Extract words that differ between two sentences
I have a very large dataframe with two columns called sentence1
and sentence2
. I am trying to create a new column with words that differ between two sentences, for example:
sentence1=c("This is sentence one", "This is sentence two", "This is sentence three")

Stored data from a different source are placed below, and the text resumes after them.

Lemma tvdist_contract N M a : 0 <= a -> (forall x, a <= walk M x) ->
  tvdist (N + M) <= (1 - #|G|%:R * a) * tvdist N.
Proof.
move=> a_ge0 a_le; set u : R := #|G|%:R^-1.
have sum_u : \sum_(x : G) u = 1.
  by rewrite sumr_const -mulr_natl mulfV // pnatr_eq0 -lt0n; apply/card_gt0P; exists 0.
(* Subtracting [a] from the second factor is free since [walk N - u] has total mass 0. *)
have walkD_centered x : walk (N + M) x - u = \sum_z (walk N z - u) * (walk M (x - z) - a).
  under eq_bigr do rewrite mulrBr !mulrBl.
  rewrite !sumrB -!mulr_suml -mulr_sumr sumr_rsubr !sum_walk sum_u.
  by rewrite walkD; ring.
rewrite /tvdist; under eq_bigr do rewrite walkD_centered.
apply: le_trans (ler_sum _ (fun x _ => ler_norm_sum _ _ _)) _.
rewrite exchange_big mulr_sumr /=; apply: ler_sum => z _.
under eq_bigr do rewrite normrM (ger0_norm (x := _ - a)) ?subr_ge0 //.
rewrite -mulr_sumr mulrC ler_wpM2r //.
by rewrite sumrB sumr_subr sum_walk sumr_const mulr_natl.
Qed.

Theorem tvdist_exp_decay b : nat_span_below b ->
  exists c : R, 0 < c /\ exists N0 : nat, forall N : nat, (N0 <= N)%N ->
    tvdist N <= expR (- (c * N%:R)).
Proof.
move=> span; set m := (#|W| * b)%N; set a : R := (#|W|%:R ^+ m)^-1.
have a_gt0 : 0 < a by rewrite invr_gt0 exprn_gt0 ?card_steps_gt0.
have minor := walk_ge_span span.
have m_gt0 : (0 < m)%N.
  have [c [c_lt _]] := span 0.
  rewrite /m muln_gt0 (leq_ltn_trans (leq0n _) (c_lt w0)) andbT.
  by apply/card_gt0P; exists w0.
have Ga_le1 : #|G|%:R * a <= 1.
  rewrite -[leRHS](sum_walk m); apply: le_trans (ler_sum _ (fun x _ => minor x)).
  by rewrite sumr_const mulr_natl.
apply: (@exp_decay_of_contraction _ _ m (1 - #|G|%:R * a)) => //.
- by rewrite subr_ge0.
- by rewrite ltrBlDr ltrDl mulr_gt0 // ltr0n; apply/card_gt0P; exists 0.
- by move=> N; apply: sumr_ge0.
- move=> N M; have := @tvdist_contract N M 0 (lexx 0) (walk_ge0 M).
  by rewrite mulr0 subr0 mul1r.
- by move=> N; apply: tvdist_contract => //; apply: ltW.
Qed.

End RandomWalk.

(* MathComp does not declare the finite abelian group structure of [{ffun I -> G}]. *)
HB.instance Definition _ (I : finType) (G : finZmodType) := Finite.on {ffun I -> G}.

Lemma natr_eq_ffun (I : finType) (T : eqType) (F : comNzRingType)
    (f g : {ffun I -> T}) :
  ((f == g)%:R : F) = \prod_i ((f i == g i)%:R : F).
Proof.
have [<-|/eqP neq_fg] := eqVneq f g; first by rewrite big1 // => i _; rewrite eqxx.
have [i neq_i|eq_fg] := pickP (fun i => f i != g i).
  by rewrite (bigD1 i) //= (negbTE neq_i) mul0r.
by case: neq_fg; apply/ffunP => i; apply/eqP/negPn; rewrite eq_fg.
Qed.

Section FpInterpolation.
Variables (p n : nat).
Hypothesis p_pr : prime p.
Local Notation F := 'F_p.
Local Notation point := {ffun 'I_n -> F}.
Local Notation exponent := {ffun 'I_n -> 'I_p}.

Lemma Fp_fermat (z : F) : z != 0 -> z ^+ p.-1 = 1.
Proof.
move=> z_neq0; apply: (mulfI z_neq0); rewrite mulr1 -exprS prednK ?prime_gt0 //.
by rewrite -[in RHS](expf_card z) card_Fp.
Qed.

Lemma Fp_eq_indicator (a t : F) : ((a == t)%:R : F) = 1 - (t - a) ^+ p.-1.
Proof.
have [<-|neq_at] := eqVneq a t.
  have p1_gt0 : (0 < p.-1)%N by rewrite -ltnS prednK ?prime_gt1 ?prime_gt0.
  by rewrite subrr expr0n eqn0Ngt p1_gt0 subr0.
by rewrite Fp_fermat ?subrr // subr_eq0 eq_sym.
Qed.

(* Coefficients of [1 - (t - a)^(p-1)] as a polynomial in [t]. *)
Definition indicator_coef (a : F) (k : nat) : F :=
  (k == 0%N)%:R - (- a) ^+ (p.-1 - k) *+ 'C(p.-1, k).

Lemma Fp_eq_indicator_poly (a t : F) :
  ((a == t)%:R : F) = \sum_(k < p) indicator_coef a k * t ^+ k.
Proof.
rewrite Fp_eq_indicator -(big_mkord xpredT (fun k => indicator_coef a k * t ^+ k)).
rewrite -[p in index_iota 0 p](prednK (prime_gt0 p_pr)) big_mkord (addrC t) exprDn.
under [RHS]eq_bigr do rewrite /indicator_coef mulrBl mulrnAl.
rewrite sumrB; congr (_ - _).
by rewrite big_ord_recl /= mul1r expr0 big1 ?addr0 // => i _; rewrite mul0r.
Qed.

Definition monomial (y : point) (k : exponent) : F := \prod_i y i ^+ (k i : nat).
Definition lagrange_coef (x : point) (k : exponent) : F :=
  \prod_i indicator_coef (x i) (k i).

Lemma eq_point_indicator (x y : point) :
  ((x == y)%:R : F) = \sum_k lagrange_coef x k * monomial y k.
Proof.
rewrite natr_eq_ffun; under eq_bigr do rewrite Fp_eq_indicator_poly.
rewrite bigA_distr_bigA /=; apply: eq_bigr => k _.
by rewrite -big_split.
Qed.

Definition moments (c : {ffun point -> F}) : {ffun exponent -> F} :=
  [ffun k => \sum_y c y * monomial y k].

Lemma moments_inversion (c : {ffun point -> F}) (x : point) :
  c x = \sum_k lagrange_coef x k * moments c k.
Proof.
under eq_bigr do rewrite ffunE mulr_sumr.
rewrite exchange_big /= (bigD1 x) //= [X in _ + X]big1 ?addr0 => [|y neq_yx].
  have := eq_point_indicator x x; rewrite eqxx /= mulr1n => one_x.
  rewrite -[LHS]mulr1 one_x mulr_sumr.
  by apply: eq_bigr => k _; rewrite mulrCA.
under eq_bigr do rewrite mulrCA.
by rewrite -mulr_sumr -eq_point_indicator eq_sym (negbTE neq_yx) mulr0.
Qed.

Lemma moments_bij : bijective moments.
Proof.
have moments_inj : injective moments.
  move=> c c' eq_cc'; apply/ffunP => x.
  by rewrite moments_inversion eq_cc' -moments_inversion.
apply: inj_card_bij moments_inj _.
by rewrite !card_ffun !card_ord (Fp_cast p_pr).
Qed.

Definition monomial_vec (y : point) : {ffun kidx n p -> F} :=
  [ffun k => monomial y (val k)].

Lemma monomial_vec0 : monomial_vec 0 = 0.
Proof.
apply/ffunP => k; rewrite !ffunE /monomial.
have /existsP [i k_i] := valP k.
by rewrite (bigD1 i) //= ffunE expr0n (negbTE k_i) mul0r.
Qed.

Lemma monomial_vec_span : nat_span_below monomial_vec p.
Proof.
move=> x; pose w : {ffun exponent -> F} :=
  [ffun k => if insub k is Some k' then x k' else 0].
have [g _ gK] := moments_bij.
exists (fun y => (g w y : nat)); split.
  by move=> y; rewrite -[X in (_ < X)%N](Fp_cast p_pr) ltn_ord.
apply/ffunP => k; rewrite sum_ffunE.
under eq_bigr do rewrite ffunMnE ffunE -mulr_natr natr_Zp mulrC.
have := congr1 (fun f : {ffun exponent -> F} => f (val k)) (gK w).
by rewrite ffunE /w ffunE valK => ->.
Qed.

End FpInterpolation.

Section MomentWalk.
Variables (R : realType) (p n : nat).
Local Notation point := {ffun 'I_n -> 'F_p}.
Local Notation moment_space := {ffun kidx n p -> 'F_p}.

Lemma Xvec_sum_columns N (r : inputs p n N) :
  Xvec r = \sum_j monomial_vec [ffun i => r i j].
Proof.
apply/ffunP => k; rewrite sum_ffunE ffunE; apply: eq_bigr => j _.
by rewrite ffunE /monomial; apply: eq_bigr => i _; rewrite ffunE.
Qed.

Definition append_column N (ry : inputs p n N * point) : inputs p n N.+1 :=
  [ffun i => [ffun j => if unlift ord_max j is Some j' then ry.1 i j' else ry.2 i]].

Definition split_last_column N (r : inputs p n N.+1) : inputs p n N * point :=
  ([ffun i => [ffun j => r i (lift ord_max j)]], [ffun i => r i ord_max]).

Lemma append_columnK N : cancel (@append_column N) (@split_last_column N).
Proof.
case=> r y; congr (_, _); apply/ffunP => i; rewrite !ffunE ?unlift_none //.
by apply/ffunP => j; rewrite !ffunE liftK.
Qed.

Lemma split_last_columnK N : cancel (@split_last_column N) (@append_column N).
Proof.
move=> r; apply/ffunP => i; apply/ffunP => j; rewrite !ffunE.
by case: unliftP => [j' ->|->] //=; rewrite ffunE.
Qed.

Lemma Xvec_append_column N (ry : inputs p n N * point) :
  Xvec (append_column ry) = Xvec ry.1 + monomial_vec ry.2.
Proof.
rewrite !Xvec_sum_columns big_ord_recr /=; congr (_ + monomial_vec _).
  apply: eq_bigr => j _; congr monomial_vec; apply/ffunP => i; rewrite !ffunE.
  have -> : widen_ord (leqnSn N) j = lift ord_max j.
    by apply: val_inj; rewrite /= /bump leqNgt ltn_ord.
  by rewrite liftK.
by apply/ffunP => i; rewrite !ffunE unlift_none.
Qed.

Lemma card_Xvec_preim N (x : moment_space) :
  #|[set r : inputs p n N | Xvec r == x]| =
  (\sum_(r : inputs p n N) (Xvec r == x))%N.
Proof.
rewrite -sum1_card big_mkcond /=; apply: eq_bigr => r _.
by rewrite inE; case: (_ == _).
Qed.

Lemma card_Xvec_preimS N (x : moment_space) :
  #|[set r : inputs p n N.+1 | Xvec r == x]| =
  (\sum_(y : point)
     #|[set r : inputs p n N | Xvec r == (x - monomial_vec y)%R]|)%N.
Proof.
rewrite card_Xvec_preim (reindex (@append_column N)); last first.
  by exists (@split_last_column N) => ? _; rewrite ?append_columnK ?split_last_columnK.
under eq_bigr do rewrite Xvec_append_column.
rewrite -(pair_bigA _ (fun r y => nat_of_bool (Xvec r + monomial_vec y == x))) /=.
rewrite exchange_big.
apply: eq_bigr => y _; rewrite card_Xvec_preim; apply: eq_bigr => r _.
by rewrite [X in _ = nat_of_bool X]eq_sym subr_eq eq_sym.
Qed.

Lemma distP_walk N (x : moment_space) : distP R N x = walk R (@monomial_vec p n) N x.
Proof.
have card_inputs M : #|{: inputs p n M}| = (#|{: point}| ^ M)%N.
  by rewrite !card_ffun !card_ord -!expnM mulnC.
rewrite /distP card_inputs; elim: N x => [|N IH] x /=.
  rewrite card_Xvec_preim expn0 divr1.
  under eq_bigr do rewrite Xvec_sum_columns big_ord0 eq_sym.
  by rewrite sum_nat_const card_inputs expn0 mul1n.
rewrite card_Xvec_preimS natr_sum expnSr natrM invfM mulrA mulr_suml.
by congr (_ / _); apply: eq_bigr => y _; rewrite IH.
Qed.

Lemma l1dist_PU_tvdist N : l1dist_PU R p n N = tvdist R (@monomial_vec p n) N.
Proof.
by apply: eq_bigr => x _; rewrite distP_walk /distU div1r.
Qed.

End MomentWalk.

Theorem proposition2p9 (R : realType) (p n : nat) (hp : prime p) (hn : (1 <= n)%N) :
  exists c : R, 0 < c /\
  exists N0 : nat, forall N : nat, (N0 <= N)%N ->
    l1dist_PU R p n N <= expR (- (c * N%:R)).
Proof.
have [c [c_gt0 [N0 decay]]] :=
  tvdist_exp_decay R (monomial_vec0 p n) (monomial_vec_span hp).
by exists c; split => //; exists N0 => N /decay; rewrite l1dist_PU_tvdist.
Qed.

sentence2=c("This is the sentence four", "This is the sentence five", "This is the sentence six")
df = as.data.frame(cbind(sentence1,sentence2))
My data frame has the following structure:
ID sentence1 sentence2
1 This is sentence one This is the sentence four
2 This is sentence two This is the sentence five
3 This is sentence three This is the sentence six
And my expected output:
ID sentence1 sentence2 Expected_Result
1 This is ... This is ... one the four
2 This is ... This is ... two the five
3 This is ... This is ... three the six
In R, I tried to split sentences and get items that differ between lists, for example:
df$split_Sentence1<-strsplit(df$sentence1, split=" ")
df$split_Sentence2<-strsplit(df$sentence2, split=" ")
df$Dif<-setdiff(df$split_Sentence1, df$split_Sentence2)
But this approach doesn't work when applied setdiff
...
In Python, I tried to apply NLTK by trying to get tokens first and then extract the difference between the two lists, like this:
from nltk.tokenize import word_tokenize
df['tokensS1'] = df.sentence1.apply(lambda x: word_tokenize(x))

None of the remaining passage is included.